PERKEMBANGAN teknologi yang begitu pesat memecut semua sektor, baik pemerintah maupun swasta, untuk bertransformasi dari konvensional menjadi digital. Perubahan berbasis teknologi digital merupakan keniscayaan yang tidak dapat dibendung.
Suka tidak suka, mau tidak mau, masyarakat dipaksa untuk menerima dan mengikuti setiap perubahan. Satu manfaat paling penting yang disediakan teknologi digital ialah kemampuannya menghubungkan warga negara dengan pemerintah dalam cara baru yang efisien.
Digitalisasi menjadikan pelayanan publik lebih transparan sehingga bisa mengurangi korupsi. Hal itu pula yang menjadi roh Kementerian Agraria dan Tata Ruang/Badan Pertanahan Nasional (ATR/BPN) mengeluarkan kebijakan sertifikat tanah elektronik.
Regulasi itu tertuang dalam Peraturan Menteri Agraria dan Tata Ruang (Permen ATR) Nomor 1/2021 tentang Sertifikat Elektronik yang ditandatangani Kepala BPN/Menteri ATR Sofyan Djalil sejak 12 Januari 2021. Atas dasar regulasi tersebut, pelaksanaan pendaftaran tanah yang sebelumnya konvensional, kini dilakukan secara elektronik.

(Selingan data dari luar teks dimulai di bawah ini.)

Lemma Fclass_bounded F M : measurable_fun setT F -> (forall x, `|F x| <= M) ->
  (forall x, B m2 x -> 0 <= F x) ->
  (forall s, m1 <= s -> \int[rho]_(x in ~` B s) F^\+ x <= a s * \int[rho]_x F x) ->
  (forall s, m2 <= s -> \int[rho]_(x in ~` B s) F^\- x <= ta s * \int[rho]_x F x) ->
  Fclass dX x0 m1 m2 rho a ta F.
Proof.
move=> mF FM F0 Fpos Fneg; have L2F := L2_bounded rho mF FM.
have iF := L2_integrable L2F.
split => // [|s s1|s s2]; first exact: aeW.
- have := integrable_setTS (mBc s) (integrable_funrpos measurableT iF).
  by move=> ?; rewrite !EFin_Rintegral // -EFinM lee_fin Fpos.
- have := integrable_setTS (mBc s) (integrable_funrneg measurableT iF).
  by move=> ?; rewrite !EFin_Rintegral // -EFinM lee_fin Fneg.
Qed.

Section normalized.
Variable f : X -> R.
Hypothesis fF : Fclass_norm dX x0 m1 m2 rho a ta f.

Let if_ : rho.-integrable setT (EFin \o f).
Proof. by case: fF => -[/L2_integrable]. Qed.

Lemma Fclass_norm_Rintegral : \int[rho]_x f x = 1.
Proof. by rewrite /Rintegral fF.2. Qed.

Lemma Fclass_norm_tail_pos s : m1 <= s -> \int[rho]_(x in ~` B s) f^\+ x <= a s.
Proof.
move=> s1; have [[_ _ fpos _] f1] := fF; have := fpos s s1.
rewrite f1 mule1 EFin_Rintegral //.
exact: integrable_setTS (mBc s) (integrable_funrpos measurableT if_).
Qed.

Lemma Fclass_norm_tail_neg s : m2 <= s -> \int[rho]_(x in ~` B s) f^\- x <= ta s.
Proof.
move=> s2; have [[_ _ _ fneg] f1] := fF; have := fneg s s2.
rewrite f1 mule1 EFin_Rintegral //.
exact: integrable_setTS (mBc s) (integrable_funrneg measurableT if_).
Qed.

Lemma Fclass_norm_neg_le : \int[rho]_x f^\- x <= ta m2.
Proof.
have ifn := integrable_funrneg measurableT if_.
rewrite (Rintegral_setC (mB m2) ifn).
have -> : \int[rho]_(x in B m2) f^\- x = 0.
  have [[_ fae _ _] _] := fF.
  rewrite /Rintegral (ae_eq_integral (cst 0%E)) ?integral0 //.
  - exact: measurable_int (integrable_setTS (mB m2) ifn).
  - apply: filterS fae => x f0 /f0 fx0.
    by rewrite /funrneg max_r // oppr_le0.
by rewrite add0r Fclass_norm_tail_neg.
Qed.

End normalized.
End tail_classes.

Section Gclass_tests.
Context d (X : measurableType d) (R : realType) (dX : X -> X -> R) (x0 : X).
Variables (m1 m2 : R) (nu : probability X R) (a ta : R -> R) (g : X -> R).
Hypotheses (mB : forall s, measurable (ball_c dX x0 s)) (m1_gt0 : 0 < m1) (m12 : m1 <= m2)
  (a_ge0 : forall s, 0 < s -> 0 <= a s) (ta_ge0 : forall s, 0 < s -> 0 <= ta s)
  (gG : Gclass dX x0 m1 m2 nu a ta g).
Local Notation B := (ball_c dX x0).
Local Notation nB1 := (fine (nu (B m1))).
Local Notation nb s := (fine (nu (~` B s))).

Implicit Types (F : X -> R) (M c : R).

Let mBc s : measurable (~` B s) := measurableC (mB s).

Let ig : nu.-integrable setT (EFin \o g).
Proof. by case: gG => /L2_integrable. Qed.

Let mg : measurable_fun setT g.
Proof. by apply/measurable_EFinP; exact: measurable_int ig. Qed.

Let igp : nu.-integrable setT (EFin \o g^\+) := integrable_funrpos measurableT ig.

Let subB s t : s <= t -> B s `<=` B t.
Proof. by move=> st x /le_trans; apply. Qed.

Let mpre (Y : set R) : measurable Y -> measurable (g @^-1` Y).
Proof. by move=> mY; rewrite -[X in measurable X]setTI; exact: mg. Qed.

Let Gclass_test F M : measurable_fun setT F -> (forall x, `|F x| <= M) ->
  Fclass dX x0 m1 m2 nu a ta F -> 0 <= \int[nu]_x (F x * g x).
Proof.
move=> mF FM /(proj2 gG); rewrite EFin_Rintegral ?lee_fin //.
exact: integrable_bounded_mul mF FM ig.
Qed.

Let neg_test c x := c * \1_(B m1) x + \1_(g @^-1` `]-oo, 0[) x.

Let measurable_neg_test c : measurable_fun setT (neg_test c).
Proof.
exact: measurable_funD (measurable_funM (measurable_cst c) (measurable_indic (mB m1)))
  (measurable_indic (mpre (measurable_itv `]-oo, 0[))).
Qed.

Let neg_test_ge0 c x : 0 <= c -> 0 <= neg_test c x.
Proof. by move=> c0; rewrite addr_ge0 ?mulr_ge0 ?indic_ge0. Qed.

Let neg_test_bounded c x : 0 <= c -> `|neg_test c x| <= c + 1.
Proof.
by move=> c0; rewrite ger0_norm ?neg_test_ge0 // lerD ?indic_le1 // ler_piMr ?indic_le1.
Qed.

Let neg_test_Fclass c : 0 <= c -> (forall s, m1 <= s -> nb s <= a s * (c * nB1)) ->
  Fclass dX x0 m1 m2 nu a ta (neg_test c).
Proof.
move=> c0 Hc; have mF := measurable_neg_test c; have Fb x := neg_test_bounded x c0.
have mA := mpre (measurable_itv `]-oo, 0[).
have iF := L2_integrable (L2_bounded nu mF Fb).
have intF : c * nB1 <= \int[nu]_x neg_test c x.
  rewrite RintegralD //; last exact: integrable_indic.
    rewrite RintegralZl //; last exact: integrable_indic.
    by rewrite Rintegral_indic // setIT lerDl Rintegral_ge0 // => x _; exact: indic_ge0.
  by apply: integrableZ_EFin; exact: integrable_indic.
apply: (Fclass_bounded mB mF Fb) => [x _|s s1|s s2]; first exact: neg_test_ge0.
  have s0 : 0 < s by exact: lt_le_trans s1.
  apply: le_trans (le_trans (Hc s s1) (ler_wpM2l (a_ge0 s0) intF)).
  rewrite -[nb s]mul1r -Rintegral_cst //; apply: le_Rintegral => //.
  - exact: integrable_setTS (mBc s) (integrable_funrpos measurableT iF).
  - exact: finite_measure_integrable_cst.
  move=> x /= xs; rewrite /funrpos max_l ?neg_test_ge0 // /neg_test indicE memNset ?mulr0 ?add0r.
    exact: indic_le1.
  by move/(subB s1).
rewrite (@eq_Rintegral _ _ _ nu _ (cst 0)) ?Rintegral_cst // ?mul0r.
  rewrite mulr_ge0 ?ta_ge0 ?(le_trans _ intF) ?mulr_ge0 ?fine_ge0 //.
  exact: lt_le_trans (le_trans m12 s2).
by move=> x _; rewrite /funrneg max_r // oppr_le0 neg_test_ge0.
Qed.

Lemma Gclass_neg_le c : 0 <= c ->
    (forall s, m1 <= s -> nb s <= a s * (c * nB1)) ->
  \int[nu]_x g^\- x <= c * \int[nu]_x g^\+ x.
Proof.
move=> c0 Hc; have mF := measurable_neg_test c; have Fb x := neg_test_bounded x c0.
have := Gclass_test mF Fb (neg_test_Fclass c0 Hc).
suff : \int[nu]_x (neg_test c x * g x) <= c * \int[nu]_x g^\+ x - \int[nu]_x g^\- x.
  by lra.
rewrite -RintegralZl // -RintegralB //; last first.
- exact: integrable_funrneg.
- exact: integrableZ_EFin.
apply: le_Rintegral => //.
- exact: integrable_bounded_mul mF Fb ig.
- by apply: integrableB_EFin; [exact: integrableZ_EFin|exact: integrable_funrneg].
move=> x _; have i0 := indic_ge0 R (B m1) x; have i1 := indic_le1 R (B m1) x.
have ci := mulr_ge0 c0 i0.
rewrite /neg_test /funrpos /funrneg [\1_(g @^-1` _) x]indicE.
case: (leP 0 (g x)) => gx.
  rewrite (max_r (_ : - g x <= 0)) ?oppr_le0 // memNset /=; last by rewrite in_itv /= ltNge gx.
  by have := mulr_ge0 c0 gx; nra.
rewrite (max_l (_ : 0 <= - g x)) ?oppr_ge0 ?(ltW gx) // mem_set /=; last by rewrite in_itv.
by nra.
Qed.

Let pos_test c r x := c * \1_(B m1) x - \1_(~` B r `&` g @^-1` `]0, +oo[) x.

Let measurable_pos_test c r : measurable_fun setT (pos_test c r).
Proof.
have mA := measurableI _ _ (mBc r) (mpre (measurable_itv `]0, +oo[)).
exact: measurable_funB (measurable_funM (measurable_cst c) (measurable_indic (mB m1)))
  (measurable_indic mA).
Qed.

Let pos_test_bounded c r x : 0 <= c -> `|pos_test c r x| <= c + 1.
Proof.
move=> c0; have := indic_ge0 R (B m1) x; have := indic_le1 R (B m1) x.
have := indic_ge0 R (~` B r `&` g @^-1` `]0, +oo[) x.
have := indic_le1 R (~` B r `&` g @^-1` `]0, +oo[) x.
by rewrite ler_norml /pos_test => *; apply/andP; split; nra.
Qed.

Let pos_test_Fclass c r : m2 <= r -> 0 <= c -> 0 <= c * nB1 - nb r ->
    (forall s t, 0 < s -> s <= t -> ta t <= ta s) ->
    (forall t, r <= t -> nb t <= ta t * (c * nB1 - nb r)) ->
  Fclass dX x0 m1 m2 nu a ta (pos_test c r).
Proof.
move=> m2r c0 S0 ta_dec Hc; have m1r := le_trans m12 m2r.
have mA := measurableI _ _ (mBc r) (mpre (measurable_itv `]0, +oo[)).
have mF := measurable_pos_test c r; have Fb x := pos_test_bounded r x c0.
have iF := L2_integrable (L2_bounded nu mF Fb).
have intF : c * nB1 - nb r <= \int[nu]_x pos_test c r x.
  rewrite RintegralB //; last 2 first.
  - by apply: integrableZ_EFin; exact: integrable_indic.
  - exact: integrable_indic.
  rewrite RintegralZl //; last exact: integrable_indic.
  rewrite !Rintegral_indic // !setIT lerD2l lerN2 fine_le ?fin_num_measure //.
  by apply: le_measure; rewrite ?inE //; exact: subIsetl.
apply: (Fclass_bounded mB mF Fb) => [x xB|s s1|s s2].
- rewrite /pos_test [\1_(_ `&` _) x]indicE memNset ?subr0 ?mulr_ge0 ?indic_ge0 //.
  by case=> /(_ (subB m2r xB)).
- rewrite (@eq_Rintegral _ _ _ nu _ (cst 0)) ?Rintegral_cst // ?mul0r.
    by rewrite mulr_ge0 ?a_ge0 ?(le_trans S0 intF) //; exact: lt_le_trans s1.
  move=> x /set_mem xs; rewrite /funrpos max_r // /pos_test [\1_(B m1) x]indicE.
  by rewrite memNset ?mulr0 ?sub0r ?oppr_le0 ?indic_ge0 // => /(subB s1).
have s1 := le_trans m12 s2; have s0 := lt_le_trans m1_gt0 s1.
pose t := Num.max s r; have st : s <= t by rewrite le_max lexx.
have rt : r <= t by rewrite le_max lexx orbT.
apply: (@le_trans _ _ (nb t)).
  rewrite (@eq_Rintegral _ _ _ nu _ (\1_(~` B r `&` g @^-1` `]0, +oo[))); last first.
    move=> x /set_mem xs; rewrite /funrneg /pos_test [\1_(B m1) x]indicE memNset.
      by rewrite mulr0 sub0r opprK max_l ?indic_ge0.
    by move/(subB s1).
  rewrite Rintegral_indic // fine_le ?fin_num_measure //; first exact: measurableI.
  apply: le_measure; rewrite ?inE //; first exact: measurableI.
  by move=> x [[xr _] xs]; rewrite /B /ball_c /= le_max => /orP[].
apply: le_trans (Hc t rt) _; apply: ler_pM => //; last exact: ta_dec.
exact: ta_ge0 (lt_le_trans s0 st).
Qed.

Transformasi dari pola konvensional menuju digital tentu belum dapat diterima seluruh masyarakat. Sejumlah kekeliruan yang terjadi adalah adanya penarikan sertifikat lama secara besar-besaran saat sertifikat elektronik belum diterima. Warga takut sertifikat yang diganti justru akan merugikan dan berpotensi disalahgunakan.
Apalagi dari beleid tersebut ternyata sertifikat tanah asli nantinya tidak lagi tersimpan rapi di rumah. Namun, wajib diserahkan ke pemerintah, dalam hal ini adalah Badan Pertanahan Nasional. Hal ini sebagaimana tertuang dalam Pasal 16 Ayat (3) yang menyatakan kepala Kantor Pertanahan menarik sertifikat untuk disatukan dengan buku tanah dan disimpan menjadi warkat pada Kantor Pertanahan. Lalu, pada Ayat (4) menyatakan seluruh warkat sebagaimana dimaksud pada Ayat (3) dilakukan alih media (scan) dan disimpan pada pangkalan data.
Poin-poin itu pula yang akhirnya menjadi pemicu kekhawatiran pemilik tanah akan terjadinya penyalahgunaan hingga sengketa. Ketakutan masyarakat ini tentu beralasan kuat. Fakta yang terjadi saat ini masih saja terjadi sertifikat tanah ganda hingga menyebabkan perselisihan di masyarakat. Terlebih, hingga Oktober 2020, Kementerian (ATR/BPN) mencatat sengketa konflik dan perkara pengadilan mengenai pertanahan mencapai 9.000 kasus.
Kekhawatiran dan keraguan masyarakat tentu harus dijawab tuntas oleh BPN. Perlu sosialisasi dan transfer informasi yang masif hingga akar rumput agar masyarakat dapat mencerna dengan mudah. Bukan hanya transformasi digital pada sistem, melainkan reformasi internal BPN juga harus dilakukan. Jangan sampai sistem yang baik justru menjadi celah oknum bermain.
Harus dijelaskan kepada masyarakat aturan sertifikat elektronik ini untuk meningkatkan indikator berusaha dan pelayanan. Sekaligus juga mewujudkan pelayanan pertanahan berbasis elektronik. Dengan demikian, kekeliruan yang berkembang di masyarakat dapat terklarifikasi. Bila melalui kebijakan baru ini, masyarakat pemegang sertifikat tidak perlu khawatir buku sertifikat hilang, basah, atau terbakar karena semua sudah masuk basis data digital.